**DESCRIPTION OF THE TASK:**
Please give back, word for word, only the lines starting at the one containing "move=> kp; rewrite" and ending at the one containing "have [k kp Ek]" within the material below.

**MATERIAL SHOWN:**
(* Let $K=K_1\times\cdots\times K_n$, where each $K_j\subset\mathbb R$ is a non-polar compact set. For each $j$, let $w_j:K_j\to[0,\infty)$ be bounded and Borel measurable with $S(K_j,w_j)>0$. Let $\widehat{w_j}(x)=\lim_{r\to0^+}\sup_{\xi\in(x-r,x+r)\cap K_j}w_j(\xi)$ and $\widehat w(x_1,\dots,x_n)=\prod_j\widehat{w_j}(x_j)$. For $\alpha(i)=(\alpha_1,\dots,\alpha_n)$, let $T^{(K_j)}_{\alpha_j,\widehat{w_j}}$ be the (unique) monic polynomial of degree $\alpha_j$ minimizing $\|\widehat{w_j}Q\|_{K_j}$ over monic $Q$ of degree $\alpha_j$, with $T^{(K_j)}_{0,\widehat{w_j}}=1$. Then $$Q_{\alpha(i)}(x_1,\dots,x_n)=\prod_{j=1}^nT^{(K_j)}_{\alpha_j,\widehat{w_j}}(x_j)$$ belongs to $\mathcal P(\alpha(i))$ and is a weighted Chebyshev polynomial for $\widehat w$ on $K$, i.e. $\|\widehat wQ_{\alpha(i)}\|_K=\inf\{\|\widehat wP\|_K:P\in\mathcal P(\alpha(i))\}$, the infimum being over complex coefficients.
   Context: Monomials $x^\alpha=x_1^{\alpha_1}\cdots x_n^{\alpha_n}$, $\alpha\in\mathbb N_0^n$, are enumerated as $e_0=1,e_1,e_2,\dots$ with $e_i=x^{\alpha(i)}$. The enumeration is such that $|\alpha(i)|=\alpha_1+\dots+\alpha_n$ is non-decreasing in $i$. Among multi-indices of equal length it is ordered lexicographically: for $|\alpha|=|\beta|$, $\beta\prec\alpha$ iff for some $l$ one has $\alpha_l<\beta_l$ and $\alpha_k=\beta_k$ for all $k<l$. $\mathcal P(\alpha(i))$ denotes the set of polynomials of the form $e_i+\sum_{j<i}c_je_j$ with $c_j\in\mathbb C$. $\|\cdot\|_K$ is the sup norm on $K$. $S(K_j,w_j)=\exp[\int\log w_j\,d\mu_{K_j}]$, where $\mu_{K_j}$ is the equilibrium measure of $K_j$. *)

From HB Require Import structures.
From mathcomp Require Import all_boot all_order all_algebra.
From mathcomp Require Import mpoly.
From mathcomp Require Import all_classical all_reals all_analysis.
From mathcomp Require Import complex.
Set Implicit Arguments. Unset Strict Implicit. Unset Printing Implicit Defensive.
Import Order.TTheory GRing.Theory Num.Theory.
Import numFieldNormedType.Exports.
Local Open Scope classical_set_scope.
Local Open Scope ring_scope.

Section PotentialTheory.
Context {R : realType}.

Definition log_kernel (x y : R) : \bar R :=
  if x == y then +oo%E else (- ln `|x - y|)%:E.

Definition prob_on (K : set R) (mu : probability R R) : Prop :=
  mu (~` K) = 0%E.

Definition log_energy (K : set R) (mu : probability R R) : \bar R :=
  (\int[mu]_(x in K) \int[mu]_(y in K) log_kernel x y)%E.

Definition nonpolar (K : set R) : Prop :=
  exists mu : probability R R, prob_on K mu /\ (log_energy K mu < +oo)%E.

Definition equilibrium_measure (K : set R) (mu : probability R R) : Prop :=
  prob_on K mu /\
  forall nu : probability R R, prob_on K nu -> (log_energy K mu <= log_energy K nu)%E.

(* S(K,w) = exp[ \int log w dmu_K ]  (extended reals; log 0 = -oo) *)
Definition S_weight (K : set R) (w : R -> R) (muK : probability R R) : \bar R :=
  expeR (\int[muK]_(x in K) lne (w x)%:E)%E.

Definition what (K : set R) (w : R -> R) (x : R) : R :=
  let f := fun r : R => sup [set w xi | xi in K `&` `](x - r), (x + r)[%classic] in
  lim (f @ 0^'+).

End PotentialTheory.

Section Chebyshev.
Context {R : realType}.
Local Notation C := (R[i]).
Local Notation normc := (@ComplexField.Normc.normc R).
Local Notation rC x := (real_complex R x).

Definition wnorm1 (K : set R) (f : R -> R) (p : {poly C}) : R :=
  sup [set f x * normc p.[rC x] | x in K].

Variable n : nat.

Definition Kprod (K : 'I_n -> set R) : set ('I_n -> R) :=
  [set x | forall j, K j (x j)].

Definition wnormn (K : 'I_n -> set R) (W : ('I_n -> R) -> R)
    (P : mpoly.mpoly n C) : R :=
  sup [set W x * normc (mpoly.meval (fun j => rC (x j)) P) | x in Kprod K].

(* the enumeration order on multi-indices: b comes strictly before a *)
Definition mprec (b a : mpoly.multinom n) : bool :=
  (mpoly.mdeg b < mpoly.mdeg a)%N ||
  ((mpoly.mdeg b == mpoly.mdeg a) &&
   [exists l : 'I_n, (tnth (mpoly.multinom_val a) l < tnth (mpoly.multinom_val b) l)%N &&
      [forall k : 'I_n, (k < l)%N ==> (tnth (mpoly.multinom_val a) k == tnth (mpoly.multinom_val b) k)]]).

(* P(a) : polynomials e_a + sum_{b before a} c_b e_b, c_b complex *)
Definition Pset (a : mpoly.multinom n) : set (mpoly.mpoly n C) :=
  [set P | mpoly.mcoeff a P = 1 /\
     forall b, b != a -> ~~ mprec b a -> mpoly.mcoeff b P = 0].

Definition cheb_product (T : 'I_n -> {poly C}) : mpoly.mpoly n C :=
  \prod_(j < n)
     (map_poly (@mpoly.mpolyC n C) (T j)).[mpoly.mpolyX C (mpoly.mnm1 j)].

End Chebyshev.

(* Each T_j is dual to a functional: Hahn-Banach, applied to the seminorm
   p |-> ||w_j p||_{K_j}, gives a linear form L_j on polynomials of bounded
   degree with |L_j p| <= ||w_j p||_{K_j}, L_j X^k = 0 for k < alpha_j and
   L_j X^alpha_j = ||w_j T_j||_{K_j}.  Applying L_1, ..., L_n to a polynomial P
   one variable at a time (the remaining variables are still evaluated on K)
   keeps the bound, so |(L_1 (x) ... (x) L_n) P| <= ||w P||_K.  For P in
   P(alpha) every monomial other than x^alpha has some exponent beta_j <
   alpha_j, hence is killed, and the left side is prod_j ||w_j T_j||_{K_j},
   which is also an upper bound for ||w Q_alpha||_K. *)

From HB Require Import structures.
From mathcomp Require Import all_boot all_order all_algebra.
From mathcomp Require Import mpoly.
From mathcomp Require Import all_classical all_reals all_analysis.
From mathcomp Require Import complex.
From mathcomp Require Import ring lra.
Import Order.TTheory GRing.Theory Num.Theory.
Import numFieldNormedType.Exports.
Set Implicit Arguments. Unset Strict Implicit. Unset Printing Implicit Defensive.
Local Open Scope classical_set_scope.
Local Open Scope ring_scope.
Local Open Scope complex_scope.

Local Notation normc := (@ComplexField.Normc.normc _).
Import ComplexField.Normc (normc0, normc1, normcM, normcV).

Section PolyInVar.
Variables (n : nat) (R : nzRingType).
Implicit Types (p : {poly R}) (j : 'I_n).

Definition poly_in_var (j : 'I_n) (p : {poly R}) : {mpoly R[n]} :=
  (map_poly (@mpolyC n R) p).['X_j].

Lemma poly_in_varE j p :
  poly_in_var j p = \sum_(k < size p) p`_k *: 'X_[U_(j) *+ k].
Proof.
have mpolyC_inj : injective (@mpolyC n R).
  by move=> a b /eqP; rewrite mpolyC_eq => /eqP.
rewrite /poly_in_var horner_coef size_map_inj_poly //; apply: eq_bigr => k _.
by rewrite coef_map /= mpolyXn mul_mpolyC.
Qed.

Lemma mulmn_mnm1_inj (j : 'I_n) : injective (fun k => (U_(j) *+ k)%MM).
Proof. by move=> k l /mnmP /(_ j); rewrite !mulmnE !mnm1E eqxx !mul1n. Qed.

Lemma msupp_poly_in_var j p m :
  m \in msupp (poly_in_var j p) -> exists2 k, (k < size p)%N & m = (U_(j) *+ k)%MM.
Proof.
rewrite poly_in_varE => /msupp_sum_le /flattenP [s /mapP [k _ ->]] /msuppZ_le.
by rewrite msuppX inE => /eqP ->; exists k.
Qed.

Lemma mcoeff_poly_in_var j p k :
  (k < size p)%N -> (poly_in_var j p)@_(U_(j) *+ k) = p`_k.
Proof.
move=> kp; rewrite poly_in_varE raddf_sum /= (bigD1 (Ordinal kp)) //= big1 ?addr0.
  by rewrite mcoeffZ mcoeffX eqxx mulr1.
move=> i /eqP ne; rewrite mcoeffZ mcoeffX.
by case: eqP => [/mulmn_mnm1_inj ei|]; [case: ne; apply: val_inj | rewrite mulr0].
Qed.

Lemma mlead_poly_in_var j p : p \is monic ->
  mlead (poly_in_var j p) = (U_(j) *+ (size p).-1)%MM /\
  mleadc (poly_in_var j p) = 1.
Proof.
move=> mp; set F := poly_in_var j p.
have sp : (0 < size p)%N by rewrite lt0n size_poly_eq0 monic_neq0.
have cF : F@_(U_(j) *+ (size p).-1) = 1.
  by rewrite mcoeff_poly_in_var ?prednK // -lead_coefE (monicP mp).
have inF : (U_(j) *+ (size p).-1)%MM \in msupp F by rewrite mcoeff_msupp cF oner_eq0.
have nzF : F != 0 by apply: contraTneq inF => ->; rewrite msupp0.
have [k kp Ek] := msupp_poly_in_var (mlead_supp nzF).
have := lemc_mdeg (msupp_le_mlead inF); rewrite Ek !mdegMn !mdeg1 !mul1n => le_k.
suff -> : k = (size p).-1 by [].
by apply/eqP; rewrite eqn_leq le_k andbT -ltnS prednK.
Qed.

Lemma meval_poly_in_var (v : 'I_n -> R) j p : meval v (poly_in_var j p) = p.[v j].
Proof.
rewrite poly_in_varE raddf_sum /= horner_coef; apply: eq_bigr => k _.
rewrite mevalZ mevalX (big_only1 j) // ?mulmnE ?mnm1E ?eqxx ?mul1n //.
by move=> i ne _; rewrite mulmnE mnm1E eq_sym (negbTE ne) mul0n expr0.
Qed.

Lemma msupp_prod_poly_in_var (T : 'I_n -> {poly R}) (s : seq 'I_n) m :
  m \in msupp (\prod_(j <- s) poly_in_var j (T j)) ->
  (m <= \sum_(j <- s) U_(j) *+ (size (T j)).-1)%MM.
Proof.
elim: s m => [|j s IH] m.
  by rewrite !big_nil msupp1 inE => /eqP ->; apply/forallP => i; rewrite mnm0E.
rewrite !big_cons => /msuppM_le /allpairsP [[m1 m2] /= [h1 /IH /forallP h2 ->]].
apply/forallP => i; rewrite !mnmDE leq_add //.
have [k kT ->] := msupp_poly_in_var h1.
by rewrite !mulmnE leq_mul2l -ltnS prednK ?kT ?orbT // (leq_ltn_trans _ kT).
Qed.

End PolyInVar.

Lemma mprec_lt (n : nat) (a b : 'X_{1..n}) : mprec b a -> exists j, (b j < a j)%N.
Proof.
move=> h; apply/existsP; apply: contraLR h => /existsPn hb.
have ge j : (a j <= b j)%N by rewrite leqNgt hb.
have dle : (mdeg a <= mdeg b)%N by rewrite !mdegE; apply: leq_sum => j _.
rewrite /mprec negb_or -leqNgt dle /= negb_and; apply/orP.
have [e|] := eqVneq (mdeg b) (mdeg a); last by left.
right; apply/negP => /existsP [l /andP [lt _]].
suff : (mdeg a < mdeg b)%N by rewrite e ltnn.
rewrite !mdegE (bigD1 l) //= [X in (_ < X)%N](bigD1 l) //= -addSn leq_add //.
by apply: leq_sum => j _.
Qed.

Lemma ltm_mprec (n : nat) (a b : 'X_{1..n}) : (b < a)%MM -> mprec b a.
Proof.
case/andP=> ne /forallP hb; apply/orP; left.
have [i ni] : exists i, b i != a i.
  apply/existsP; apply: contraR ne => /existsPn h; apply/eqP/mnmP => i.
  by apply/eqP; move: (h i); rewrite negbK.
rewrite !mdegE (bigD1 i) //= [X in (_ < X)%N](bigD1 i) //=.
by rewrite -addSn leq_add ?ltn_neqAle ?ni ?hb //; apply: leq_sum.
Qed.

Lemma Pset_cheb_product (R : realType) (n : nat) (alpha : 'X_{1..n})
    (T : 'I_n -> {poly R[i]}) :
  (forall j, T j \is monic /\ size (T j) = (alpha j).+1) ->
  Pset alpha (cheb_product T).
Proof.
move=> hT.
have alphaE : alpha = (\sum_(j <- index_enum 'I_n) U_(j) *+ (size (T j)).-1)%MM.
  by rewrite [LHS]multinomUE_id; apply: eq_bigr => j _; case: (hT j) => _ ->.
split.
  have -> : alpha = (\sum_(j <- index_enum 'I_n) mlead (poly_in_var j (T j)))%MM.
    by rewrite alphaE; apply: eq_bigr => j _; case: (mlead_poly_in_var j (proj1 (hT j))).
  by rewrite mleadc_prod; apply: big1 => j _; case: (mlead_poly_in_var j (proj1 (hT j))).
move=> b nb np; apply/eqP; rewrite mcoeff_eq0; apply: contra np => bin.
by apply: ltm_mprec; rewrite /ltm nb alphaE; exact: msupp_prod_poly_in_var.
Qed.

Section WeightRegularization.
Variables (R : realType) (K : set R) (w : R -> R) (M x : R).
Hypotheses (w_ge0 : forall y, K y -> 0 <= w y) (w_le : forall y, K y -> w y <= M).
Hypothesis Kx : K x.

Let window (r : R) := [set w xi | xi in K `&` `](x - r), (x + r)[%classic].

Definition window_sup (r : R) := sup (window r).

Let window_center r : 0 < r -> window r (w x).
Proof.
move=> r0; exists x => //; split => //=.
by rewrite in_itv /= ltrBlDr !ltrDl r0.
Qed.

Let window_ub r : has_ubound (window r).
Proof. by exists M => _ [y [Ky _] <-]; exact: w_le. Qed.

Lemma window_sup_ge r : 0 < r -> w x <= window_sup r.
Proof. by move=> r0; apply: ub_le_sup (window_ub r) _ (window_center r0). Qed.

Lemma window_sup_le r : 0 < r -> window_sup r <= M.
Proof.
move=> r0; apply: ge_sup; first by exists (w x); exact: window_center.
by move=> _ [y [Ky _] <-]; exact: w_le.
Qed.

Lemma window_sup_nondecreasing :
  {in `]0, +oo[ &, nondecreasing_fun window_sup}.
Proof.
move=> r s; rewrite !in_itv /= !andbT => r0 s0 rs.
apply: sup_le; last by split; [exists (w x); exact: window_center | exact: window_ub].
  move=> z [y [Ky]]; rewrite /= in_itv /= => /andP [yl yr] <-.
  exists (w y); split => //; exists y => //; split => //=; rewrite in_itv /=.
  by apply/andP; split; lra.
by exists (w x); exact: window_center.
Qed.

Let window_sup_lbound : lbound (window_sup @` `]0, +oo[%classic) 0.
Proof.
move=> z [r]; rewrite /= in_itv /= andbT => r0 <-.
exact: le_trans (w_ge0 Kx) (window_sup_ge r0).
Qed.

Lemma what_window_inf : what K w x = inf (window_sup @` `]0, +oo[%classic).
Proof.
apply: cvg_lim => //; apply: nondecreasing_at_right_cvgr => //.
  exact: window_sup_nondecreasing.
by exists 0; exact: window_sup_lbound.
Qed.

Lemma what_ge0 : 0 <= what K w x.
Proof.
rewrite what_window_inf; apply: lb_le_inf window_sup_lbound.
by exists (window_sup 1), 1 => //=; rewrite in_itv /= andbT.
Qed.

Lemma what_le : what K w x <= M.
Proof.
rewrite what_window_inf; apply: le_trans (window_sup_le ltr01).
apply: ge_inf; first by exists 0; exact: window_sup_lbound.
by exists 1 => //=; rewrite in_itv /= andbT.
Qed.

End WeightRegularization.

Section ComplexNorm.
Variable R : realType.
Implicit Types (z : R[i]) (t : R).

Lemma normc_normr z : (normc z)%:C = `|z|.
Proof. by case: z. Qed.

Lemma normc_ge0 z : 0 <= normc z.
Proof. by rewrite -lecR normc_normr raddf0 normr_ge0. Qed.

Lemma normc_gt0 z : (0 < normc z) = (z != 0).
Proof. by rewrite -ltcR normc_normr raddf0 normr_gt0. Qed.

**ANSWER TO THIS EXERCISE:**
move=> kp; rewrite poly_in_varE raddf_sum /= (bigD1 (Ordinal kp)) //= big1 ?addr0.
  by rewrite mcoeffZ mcoeffX eqxx mulr1.
move=> i /eqP ne; rewrite mcoeffZ mcoeffX.
by case: eqP => [/mulmn_mnm1_inj ei|]; [case: ne; apply: val_inj | rewrite mulr0].
Qed.

Lemma mlead_poly_in_var j p : p \is monic ->
  mlead (poly_in_var j p) = (U_(j) *+ (size p).-1)%MM /\
  mleadc (poly_in_var j p) = 1.
Proof.
move=> mp; set F := poly_in_var j p.
have sp : (0 < size p)%N by rewrite lt0n size_poly_eq0 monic_neq0.
have cF : F@_(U_(j) *+ (size p).-1) = 1.
  by rewrite mcoeff_poly_in_var ?prednK // -lead_coefE (monicP mp).
have inF : (U_(j) *+ (size p).-1)%MM \in msupp F by rewrite mcoeff_msupp cF oner_eq0.
have nzF : F != 0 by apply: contraTneq inF => ->; rewrite msupp0.
have [k kp Ek] := msupp_poly_in_var (mlead_supp nzF).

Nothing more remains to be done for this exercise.